As duas empresas de câmbios com sede em Lisboa suspensas pelo Banco de Portugal não são suspeitas de financiar o terrorismo, apesar de um comunicado do regulador fazer referência a "financiamento do terrorismo".

Hugo Franco e Raquel Moleiro

O Banco de Portugal esclarece que as duas empresas de câmbio suspensas, a MoneyOne e a Transfex, são apenas suspeitas de branqueamento de capitais e não de financiamento de terrorismo.

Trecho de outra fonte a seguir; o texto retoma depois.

(* $\mathsf{wFindHS}_{\boldsymbol{\Pi}^0_1} \le_{\mathrm{W}} \mathsf{C}_{\mathbb{N}^\mathbb{N}} \equiv_{\mathrm{W}} \mathsf{C}_{2^\mathbb{N}} * \mathsf{wFindHS}_{\boldsymbol{\Pi}^0_1}$.
   Context: Weihrauch reducibility: $f\le_{\mathrm{W}} g$ iff there are computable $\Phi,\Psi:\subseteq\mathbb{N}^\mathbb{N}\to\mathbb{N}^\mathbb{N}$ such that for every realizer $G$ of $g$, $p\mapsto\Psi(\langle p,G\Phi(p)\rangle)$ realizes $f$. The compositional product $f*g$ is the $\le_{\mathrm{W}}$-maximum of $\{f_0\circ g_0 : f_0\le_{\mathrm{W}} f,\ g_0\le_{\mathrm{W}} g\}$ (a Weihrauch degree). The Ramsey space $[\mathbb{N}]^\mathbb{N}$ is the set of strictly increasing functions $\mathbb{N}\to\mathbb{N}$ with Baire-space topology; $fg=f\circ g$. For $P\subseteq[\mathbb{N}]^\mathbb{N}$, $f$ is homogeneous for $P$ if either $fg\in P$ for all $g\in[\mathbb{N}]^\mathbb{N}$ or $fg\notin P$ for all $g$; $\mathrm{HS}(P)$ is the set of homogeneous solutions. Open sets of $[\mathbb{N}]^\mathbb{N}$ are named by enumerations of sets of finite strictly increasing strings whose cones have union $P$. $\mathsf{wFindHS}_{\boldsymbol{\Pi}^0_1}$: input an open $P$ with $\mathrm{HS}(P)\cap P=\emptyset$, output any element of $\mathrm{HS}(P)\setminus P$. $\mathsf{C}_X$ for $X=\mathbb{N}^\mathbb{N}$ or $2^\mathbb{N}$: input a name (e.g. a tree with that set of paths) of a nonempty closed subset of $X$, output an element of it. *)

From Stdlib Require Import List Arith.
Import ListNotations.

Definition baire := nat -> nat.

Inductive rec : Type :=
| RZero : rec
| RSucc : rec
| RProj : nat -> rec
| RComp : rec -> list rec -> rec
| RPrim : rec -> rec -> rec
| RMu : rec -> rec.

Inductive reval : rec -> list nat -> nat -> Prop :=
| ev_zero v : reval RZero v 0
| ev_succ x v : reval RSucc (x :: v) (S x)
| ev_proj i v : i < length v -> reval (RProj i) v (nth i v 0)
| ev_comp f gs v ws y : revals gs v ws -> reval f ws y -> reval (RComp f gs) v y
| ev_prim0 f g v y : reval f v y -> reval (RPrim f g) (0 :: v) y
| ev_primS f g n v z y :
    reval (RPrim f g) (n :: v) z -> reval g (n :: z :: v) y ->
    reval (RPrim f g) (S n :: v) y
| ev_mu f v n :
    reval f (n :: v) 0 ->
    (forall m, m < n -> exists k, reval f (m :: v) (S k)) ->
    reval (RMu f) v n
with revals : list rec -> list nat -> list nat -> Prop :=
| evs_nil v : revals [] v []
| evs_cons g gs v y ys : reval g v y -> revals gs v ys -> revals (g :: gs) v (y :: ys).

Definition computable (h : nat -> nat) : Prop :=
  exists e : rec, forall x, reval e [x] (h x).

Definition cpair (x y : nat) : nat := (x + y) * (x + y + 1) / 2 + y.

Fixpoint code (l : list nat) : nat :=
  match l with
  | [] => 0
  | x :: l' => S (cpair x (code l'))
  end.

Definition prefix (p : baire) (m : nat) : list nat := map p (seq 0 m).

(* ---------- computable partial functionals on Baire space ----------
   assoc h p q : the partial functional with (computable) associate h maps p to q:
   the n-th output is read off the first m with h <n, code(p|m)> nonzero. *)
Definition assoc (h : nat -> nat) (p q : baire) : Prop :=
  forall n, exists m, h (cpair n (code (prefix p m))) = S (q n) /\
    forall m', m' < m -> h (cpair n (code (prefix p m'))) = 0.

Definition bpair (p q : baire) : baire :=
  fun n => if Nat.even n then p (Nat.div2 n) else q (Nat.div2 n).

Record problem : Type := Problem {
  pdom : baire -> Prop;
  prel : baire -> baire -> Prop }.

(* realizers are arbitrary (not necessarily computable) partial functions *)
Definition realizer (G : baire -> option baire) (g : problem) : Prop :=
  forall p, pdom g p -> exists q, G p = Some q /\ prel g p q.

Definition weihrauch_le (f g : problem) : Prop :=
  exists hPhi hPsi, computable hPhi /\ computable hPsi /\
    forall G, realizer G g ->
      forall p, pdom f p ->
        exists q, assoc hPhi p q /\
          exists r, G q = Some r /\
            exists s, assoc hPsi (bpair p r) s /\ prel f p s.

Definition weihrauch_equiv (f g : problem) : Prop :=
  weihrauch_le f g /\ weihrauch_le g f.

Definition pcomp (f g : problem) : problem :=
  Problem (fun p => pdom g p /\ forall q, prel g p q -> pdom f q)
          (fun p r => exists q, prel g p q /\ prel f q r).

(* h is Weihrauch equivalent to the compositional product f * g, i.e. to the
   <=W-maximum of { f0 o g0 : f0 <=W f, g0 <=W g } (which is an element of that set). *)
Definition equiv_cprod (h f g : problem) : Prop :=
  (exists f0 g0, weihrauch_le f0 f /\ weihrauch_le g0 g /\
                 weihrauch_equiv h (pcomp f0 g0)) /\
  (forall f1 g1, weihrauch_le f1 f -> weihrauch_le g1 g ->
                 weihrauch_le (pcomp f1 g1) h).

Definition in_tree (p : baire) (s : list nat) : Prop := p (code s) = 0.

Definition is_tree (T : list nat -> Prop) : Prop :=
  forall s t, T (s ++ t) -> T s.

Definition is_path (T : list nat -> Prop) (q : baire) : Prop :=
  forall m, T (prefix q m).

Definition C_Baire : problem :=
  Problem (fun p => is_tree (in_tree p) /\ exists q, is_path (in_tree p) q)
          (fun p q => is_path (in_tree p) q).

Definition binary_string (s : list nat) : Prop := Forall (fun x => x <= 1) s.
Definition binary_seq (q : baire) : Prop := forall n, q n <= 1.

Definition in_btree (p : baire) (s : list nat) : Prop :=
  binary_string s /\ p (code s) = 0.

Definition C_Cantor : problem :=
  Problem (fun p => is_tree (in_btree p) /\
                    exists q, binary_seq q /\ is_path (in_btree p) q)
          (fun p q => binary_seq q /\ is_path (in_btree p) q).

Definition incr_string (s : list nat) : Prop :=
  forall i, S i < length s -> nth i s 0 < nth (S i) s 0.

(* elements of the Ramsey space [N]^N *)
Definition ramsey (f : baire) : Prop := forall n, f n < f (S n).

Definition enumerated (p : baire) (s : list nat) : Prop :=
  exists n, p n = S (code s).

Definition open_name (p : baire) : Prop :=
  forall s, enumerated p s -> incr_string s.

Definition in_open (p : baire) (f : baire) : Prop :=
  ramsey f /\ exists s, enumerated p s /\ prefix f (length s) = s.

Definition homogeneous (p : baire) (f : baire) : Prop :=
  ramsey f /\
  ((forall g, ramsey g -> in_open p (fun n => f (g n))) \/
   (forall g, ramsey g -> ~ in_open p (fun n => f (g n)))).

Definition wFindHS_Pi01 : problem :=
  Problem (fun p => open_name p /\ forall f, homogeneous p f -> ~ in_open p f)
          (fun p f => homogeneous p f /\ ~ in_open p f).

Apesar de um comunicado do Banco de Portugal referir que a decisão de suspender a atividade das empresas foi tomada "no exercício dos poderes de supervisão que lhe estão legalmente conferidos, designadamente no âmbito da prevenção do branqueamento de capitais e do financiamento do terrorismo", o regulador esclareceu posteriormente que o caso não envolve terrorismo (facto que o Expresso noticiou por estar referido no comunicado do regulador), mas antes - e somente - branqueamento de capitais.  

Ainda segundo o Banco de Portugal, "tendo presente tal situação e considerando a necessidade de serem salvaguardados os interesses dos utilizadores dos serviços de pagamento ou de outros serviços financeiros disponibilizados por aquelas duas instituições de pagamento", foi emitido, a 21 de abril, um conjunto de determinações específicas dirigidas às duas empresas "impondo às mesmas a suspensão integral de quaisquer operações, como envios de fundos do e para o exterior, operações de câmbio manual ou quaisquer outras" - seja em em território nacional, atuando em nome próprio ou na qualidade de agentes ou distribuidores de instituições de pagamento ou instituições de moeda eletrónica com sede fora de Portugal; ou no exterior, atuando através de sucursais, agentes ou em regime de livre prestação de serviços.

O Expresso contactou a Money One e um responsável do call center declarou que "de momento não têm qualquer informação veiculada sobre o Banco de Portugal." Na sede da empresa ninguém atende o telefone. 

Na Transfex também ninguém responde às chamadas telefónicas.

Em baixo, reproduzimos na íntegra o comunicado do Banco de Portugal:

"1. No exercício dos poderes de supervisão que lhe estão legalmente conferidos, designadamente no âmbito da prevenção do branqueamento de capitais e do financiamento do terrorismo, o Banco de Portugal recolheu um conjunto de elementos de informação que indiciam fortemente estarem as sociedades:

  • (i) MONEY ONE - SOCIEDADE DE PAGAMENTO E CÂMBIOS, LDA. (com sede na Avenida Duque de Loulé, n.º 123 - Galeria 5, em Lisboa); e
  • (ii) TRANSFEX - INSTITUIÇÃO DE PAGAMENTOS, LDA. (com sede na Rua da Assunção, n.º 7 - 2.º, em Lisboa).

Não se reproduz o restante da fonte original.